Sort of a hard question because everyone has a different situation but in my case I have a generous pension that we easily live off plus our house is paid for and we have medical/dental paid for by former employer.

I/we have 1 million in savings/investments including $300,000. in cash. Currently I have 2 $100,000. CD's paying around 2.50% and the remaining $100,000. in a Money Market account paying 1.5% which of course isn't locked in like a CD.

Is there an amount most people would recommend keeping fluid like in a Money Market? My thought was to roll this $100,000. Money Market into another CD and earn another 1% more. ($1,000. per year extra)

I don't like the idea of having all my cash being "locked in" but I figured that if I had each CD maturing at different time periods I'd always be within 4 or 5 month's of having one CD available. I also typically keep a few thousand in my checking account for emergencies or if something comes up I need to buy.

Why do you want to have so much cash? Is there some dire emergency you anticipate happening? With guaranteed income, a paid off house and a comprehensive medical plan, thirty percent seems excessive.

I keep six figures in cash and short term instruments because I have rentals. Repairs, evictions, and many other expensive problems can show up and sometimes in multiples. I will increase my cash if I anticipate a buying opportunity. I also keep six months of total expenses in bricks and mortar banks, high yield savings and money market accounts. That money is part of the six figures. If I did not have the rentals, I would only have six months of much lower expenses in savings plus a few thousand in checking.

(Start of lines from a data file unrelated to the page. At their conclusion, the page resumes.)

Lemma coord_dir_entries j : coord_dir j 0 \in [:: -1; 0; 1].
Proof.
rewrite mxE; case: ifP => _; rewrite !inE ?eqxx ?orbT //.
by case: sgrP => _; rewrite ?oppr0 ?opprK eqxx ?orbT.
Qed.

Lemma norm1_coord_dir : x k 0 != 0 -> norm1 coord_dir = 1.
Proof.
move=> xk0; rewrite /norm1 (bigD1 k) //= big1 => [|j /negbTE jk]; last first.
  by rewrite mxE jk normr0.
by rewrite mxE eqxx normrN normr_sg xk0 addr0.
Qed.

Lemma coord_dir_other (s : R) j : j != k -> (x + s *: coord_dir) j 0 = x j 0.
Proof. by move=> /negbTE jk; rewrite !mxE jk mulr0 addr0. Qed.

Lemma abs_coord_dir_self (s : R) : 0 <= s <= `|x k 0| ->
  `|(x + s *: coord_dir) k 0| = `|x k 0| - s.
Proof.
move=> /andP[s_ge0 s_le]; have [xk0|xk0] := eqVneq (x k 0) 0.
  move: s_le; rewrite xk0 normr0 => s_le0.
  have -> : s = 0 by apply/eqP; rewrite eq_le s_le0 s_ge0.
  by rewrite scale0r addr0 xk0 normr0 subr0.
rewrite !mxE eqxx {1}[x k 0]numEsg mulrN mulrC -mulrBl.
by rewrite normrM normr_sg xk0 mulr1 ger0_norm // subr_ge0.
Qed.

Lemma norm1_coord_dir_shift (s : R) : 0 <= s <= `|x k 0| ->
  norm1 (x + s *: coord_dir) = norm1 x - s.
Proof.
move=> s_range; rewrite /norm1 (bigD1 k) //= [in RHS](bigD1 k) //= abs_coord_dir_self //.
rewrite addrAC; congr (_ + _ - _); apply: eq_bigr => j jk; congr `|_|.
exact: coord_dir_other.
Qed.
End CoordinateDirection.

Lemma identity_block_norm2 (R : realType) (m p n : nat) (D : 'M[R]_(m * p, n)) :
  p = 1%N -> m = n -> (forall i j, D i j = (nat_of_ord i == nat_of_ord j)%:R) ->
  exists2 sig : 'I_m -> 'I_n, injective sig &
    forall v i, norm2 (block (D *m v) i) = `|v (sig i) 0|.
Proof.
move=> p1 mn DE; subst p.
have E : (m * 1 = n)%N by rewrite muln1.
exists (fun i => cast_ord E (blk_idx i ord0)) => [i i' /cast_ord_inj /blk_inj []//|v i].
rewrite /norm2 big_ord1 sqrtr_sqr !mxE (bigD1 (cast_ord E (blk_idx i ord0))) //=.
rewrite DE eqxx mul1r big1 ?addr0 // => j ji; rewrite DE.
have ij : (nat_of_ord (blk_idx i (ord0 : 'I_1)) == j) = false.
  by apply/negbTE; apply: contra ji => /eqP ij; apply/eqP/val_inj.
by rewrite ij mul0r.
Qed.

Section TrimmedLasso.
Variables (R : realType) (L : nat) (n : 'I_L.+1 -> nat) (m p K : 'I_L -> nat).
Variables (gam : 'I_L -> R) (c : forall l : 'I_L, 'cV[R]_(m l * p l)).
Variable D : forall l : 'I_L, 'M[R]_(m l * p l, n (lift ord0 l)).
Hypotheses (gam_gt0 : forall l, 0 < gam l) (Km : forall l, (K l < m l)%N).

Lemma trimmed_eq0_dstationary (f : pvec R n -> R) (xs : pvec R n) (l : 'I_L) (Gam : R) :
  D l != 0 -> dir_differentiable f -> dstationary (objective K gam c D f) xs ->
  (exists xb, D l *m xb - c l = 0) ->
  (forall d : 'cV[R]_(n (lift ord0 l)), norm2 d = 1 -> dderiv f xs (embed d) <= Gam) ->
  Gam / sigma_Kmp (K l) (D l) < gam l ->
  trimmed (K l) (D l *m xs (lift ord0 l) - c l) = 0.
Proof.
move=> Dl0 f_dd xs_dstat [xb Dxb] f_bound gam_large.
set x := xs (lift ord0 l); set T := trimmed _ _.
apply/eqP; rewrite eq_le trimmed_ge0 andbT leNgt; apply/negP => T_gt0.
have [Lam [LamK TE]] := trimmed_attained (K l) (D l *m x - c l); rewrite -/T in TE.
have cE : c l = D l *m xb by apply/eqP; rewrite eq_sym -subr_eq0 Dxb.
have [d [Dd sig_d]] := trimmed_descent_direction (Km l) Dl0 (x - xb) LamK.
rewrite mulmxBr -cE in Dd sig_d.
have sig_d_T : sigma_Kmp (K l) (D l) * norm2 d <= T.
  by apply: le_trans sig_d _; rewrite TE sqrt_sum_sqr_le // => i; exact: norm2_ge0.
have d_gt0 : 0 < norm2 d.
  rewrite lt_def norm2_ge0 andbT; apply: contraTneq T_gt0 => /norm2_eq0 d0.
  rewrite TE big1 ?ltxx // => i iLam; rewrite -norm2N -Dd // d0 mulmx0.
  by rewrite -(scale0r (0 : 'cV[R]_(m l * p l))) blockZ norm2Z normr0 mul0r.
pose e := (norm2 d)^-1 *: d.
have e_unit : norm2 e = 1.
  by rewrite norm2Z ger0_norm ?invr_ge0 ?norm2_ge0 // mulVf ?gt_eqF.
have : gam l * T / norm2 d <= dderiv f xs (embed e).
  apply: (dstationary_descent xs_dstat (f_dd xs (embed e)) d_gt0) => s s_gt0 s_le.
  rewrite objective_embed_shift lerD2l.
  have -> : D l *m (x + s *: e) - c l = (D l *m x - c l) + (s / norm2 d) *: (D l *m d).
    by rewrite mulmxDr !scalemxAr scalerA addrAC mulrC.
  apply: le_trans (_ : gam l * ((1 - s / norm2 d) * T) - gam l * T <= _).
    rewrite lerD2r ler_wpM2l ?(ltW (gam_gt0 l)) //; apply: trimmed_segment LamK TE Dd _.
    by rewrite divr_ge0 ?(ltW s_gt0) ?norm2_ge0 //= ler_pdivrMr // mul1r.
  by rewrite le_eqVlt; apply/orP; left; apply/eqP; ring.
move=> /le_trans /(_ (f_bound e e_unit)); rewrite ler_pdivrMr // => gamT_le.
move: gam_large; rewrite ltr_pdivrMr ?sigma_Kmp_gt0 // => Gam_lt.
have : gam l * T < gam l * T.
  apply: (le_lt_trans gamT_le).
  apply: (@lt_le_trans _ _ (gam l * sigma_Kmp (K l) (D l) * norm2 d)).
    by rewrite ltr_pM2r.
  by rewrite -mulrA ler_wpM2l ?(ltW (gam_gt0 l)).
by rewrite ltxx.
Qed.

Lemma trimmed_eq0_dstationary_l1 (g f : pvec R n -> R) (eta : 'I_L -> R) (xs : pvec R n)
    (l : 'I_L) (Gam : R) :
  dir_differentiable g ->
  f = (fun x => g x + \sum_(k < L) eta k * norm1 (x (lift ord0 k))) ->
  p l = 1%N -> m l = n (lift ord0 l) ->
  (forall i j, D l i j = (nat_of_ord i == nat_of_ord j)%:R) -> c l = 0 ->
  dstationary (objective K gam c D f) xs ->
  (forall d : 'cV[R]_(n (lift ord0 l)),
     (forall i, d i 0 \in [:: -1; 0; 1]) -> norm1 d = 1 ->
     dderiv g xs (embed d) - eta l <= Gam) ->
  Gam < gam l ->
  trimmed (K l) (D l *m xs (lift ord0 l) - c l) = 0.
Proof.
move=> g_dd -> pl ml Dl cl xs_dstat g_bound gam_large.
have [sig sig_inj Dnorm] := identity_block_norm2 pl ml Dl.
set x := xs (lift ord0 l); rewrite cl subr0; set T := trimmed _ _.
apply/eqP; rewrite eq_le trimmed_ge0 andbT leNgt; apply/negP => T_gt0.
have [Lam [LamK TE]] := trimmed_attained (K l) (D l *m x); rewrite -/T in TE.
have [i iLam xi0] : exists2 i, i \in Lam & x (sig i) 0 != 0.
  apply/exists_inP; apply: contraTT T_gt0 => /exists_inPn x0.
  rewrite TE big1 ?ltxx // => i iLam; rewrite Dnorm.
  by have := x0 i iLam; rewrite negbK => /eqP ->; rewrite normr0.
pose d := coord_dir x (sig i).
have : eta l + gam l <= dderiv g xs (embed d).
  apply: (dstationary_descent (a := `|x (sig i) 0|) xs_dstat (g_dd xs (embed d))).
    by rewrite normr_gt0.
  move=> s s_gt0 s_le.
  have s_range : 0 <= s <= `|x (sig i) 0| by rewrite (ltW s_gt0).
  have T'_le : trimmed (K l) (D l *m (x + s *: d)) <= T - s.
    apply: le_trans (trimmed_le _ LamK) _.
    rewrite TE (bigD1 i) //= [in leRHS](bigD1 i) //= !Dnorm abs_coord_dir_self //.
    rewrite [leRHS]addrAC lerD2l; apply: ler_sum => j /andP[_ ji].
    by rewrite !Dnorm coord_dir_other ?(inj_eq sig_inj).
  have := ler_wpM2l (ltW (gam_gt0 l)) T'_le.
  have := sum_embed_shift xs d s (fun k v => eta k * norm1 v).
  rewrite /= norm1_coord_dir_shift // objective_embed_shift /= cl !subr0.
  lra.
have := g_bound d (coord_dir_entries _ _) (norm1_coord_dir xi0).
lra.
Qed.
End TrimmedLasso.

Theorem mainTheorem4 (R : realType) (L : nat) (n : 'I_L.+1 -> nat)
  (m p K : 'I_L -> nat) (gam : 'I_L -> R)
  (c : forall l : 'I_L, 'cV[R]_(m l * p l))
  (D : forall l : 'I_L, 'M[R]_(m l * p l, n (lift ord0 l))) :
  (forall l, 0 < gam l) ->
  (forall l, (K l < m l)%N) ->
  (forall l, D l != 0) ->
  (forall (f : pvec R n -> R) (xs : pvec R n) (l : 'I_L) (Gam : R),
     dir_differentiable f ->
     dstationary (@objective R L n m p K gam c D f) xs ->
     (exists xb : 'cV[R]_(n (lift ord0 l)), D l *m xb - c l = 0) ->
     0 < Gam ->
     (forall d : 'cV[R]_(n (lift ord0 l)),
        norm2 d = 1 -> dderiv f xs (embed d) <= Gam) ->
     Gam / sigma_Kmp (K l) (D l) < gam l ->
     trimmed (K l) (D l *m xs (lift ord0 l) - c l) = 0)
  /\
  (forall (g f : pvec R n -> R) (eta : 'I_L -> R) (xs : pvec R n) (l : 'I_L)
          (Gam : R),
     (forall k, 0 <= eta k) ->
     dir_differentiable g ->
     f = (fun x => g x + \sum_(k < L) eta k * norm1 (x (lift ord0 k))) ->
     p l = 1%N ->
     m l = n (lift ord0 l) ->
     (forall i j, D l i j = (nat_of_ord i == nat_of_ord j)%:R) ->
     c l = 0 ->
     dstationary (@objective R L n m p K gam c D f) xs ->
     (forall d : 'cV[R]_(n (lift ord0 l)),
        (forall i, d i 0 \in [:: -1; 0; 1]) -> norm1 d = 1 ->
        dderiv g xs (embed d) - eta l <= Gam) ->
     Gam < gam l ->
     trimmed (K l) (D l *m xs (lift ord0 l) - c l) = 0).
Proof.
move=> gam_gt0 Km D0; split.
  move=> f xs l Gam f_dd xs_dstat xb_ex _ f_bound gam_large.
  exact: (trimmed_eq0_dstationary gam_gt0 Km (D0 l) f_dd xs_dstat xb_ex f_bound gam_large).
move=> g f eta xs l Gam _ g_dd fE pl ml Dl cl xs_dstat g_bound gam_large.
exact: (trimmed_eq0_dstationary_l1 gam_gt0 g_dd fE pl ml Dl cl xs_dstat g_bound gam_large).
Qed.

In addition, I hold around three years of RMD's for an inherited IRA in treasury money market funds, short term treasuries and laddered CD's. I don't want to sell when the market tanks to pay out RMD's.

However, total cash is a small percentage of net worth. I would not have 30 percent of my investments in cash. Money needs to work.

I'm more conservative than most here, but I think in your situation, I would have a lot less cash. Low living costs plus a strong pension and health insurance make you less vulnerable to the vicissitudes of the market.
 
Why do you want to have so much cash? Is there some dire emergency you anticipate happening? With guaranteed income, a paid off house and a comprehensive medical plan, thirty percent seems excessive.

I keep six figures in cash and short term instruments because I have rentals. Repairs, evictions, and many other expensive problems can show up and sometimes in multiples. I will increase my cash if I anticipate a buying opportunity. I also keep six months of total expenses in bricks and mortar banks, high yield savings and money market accounts. That money is part of the six figures. If I did not have the rentals, I would only have six months of much lower expenses in savings plus a few thousand in checking.

In addition, I hold around three years of RMD's for an inherited IRA in treasury money market funds, short term treasuries and laddered CD's. I don't want to sell when the market tanks to pay out RMD's.

However, total cash is a small percentage of net worth. I would not have 30 percent of my investments in cash. Money needs to work.

I'm more conservative than most here, but I think in your situation, I would have a lot less cash. Low living costs plus a strong pension and health insurance make you less vulnerable to the vicissitudes of the market.

Well isn't 20% in CD's and thus can be a substitute for bonds in the non equity portion of his AA?
 
Well isn't 20% in CD's and thus can be a substitute for bonds in the non equity portion of his AA?

Not if if doesn't even match inflation. That's not an investment, that's nominal capital preservation.

I don't buy bonds directly. I have some held in Wellington and a small Wellesley holding. I have pensions, Social Security, guaranteed health insurance, and an inherited IRA that must be liquidated over time. I collect rent on mostly paid for rentals. I don't really need bonds.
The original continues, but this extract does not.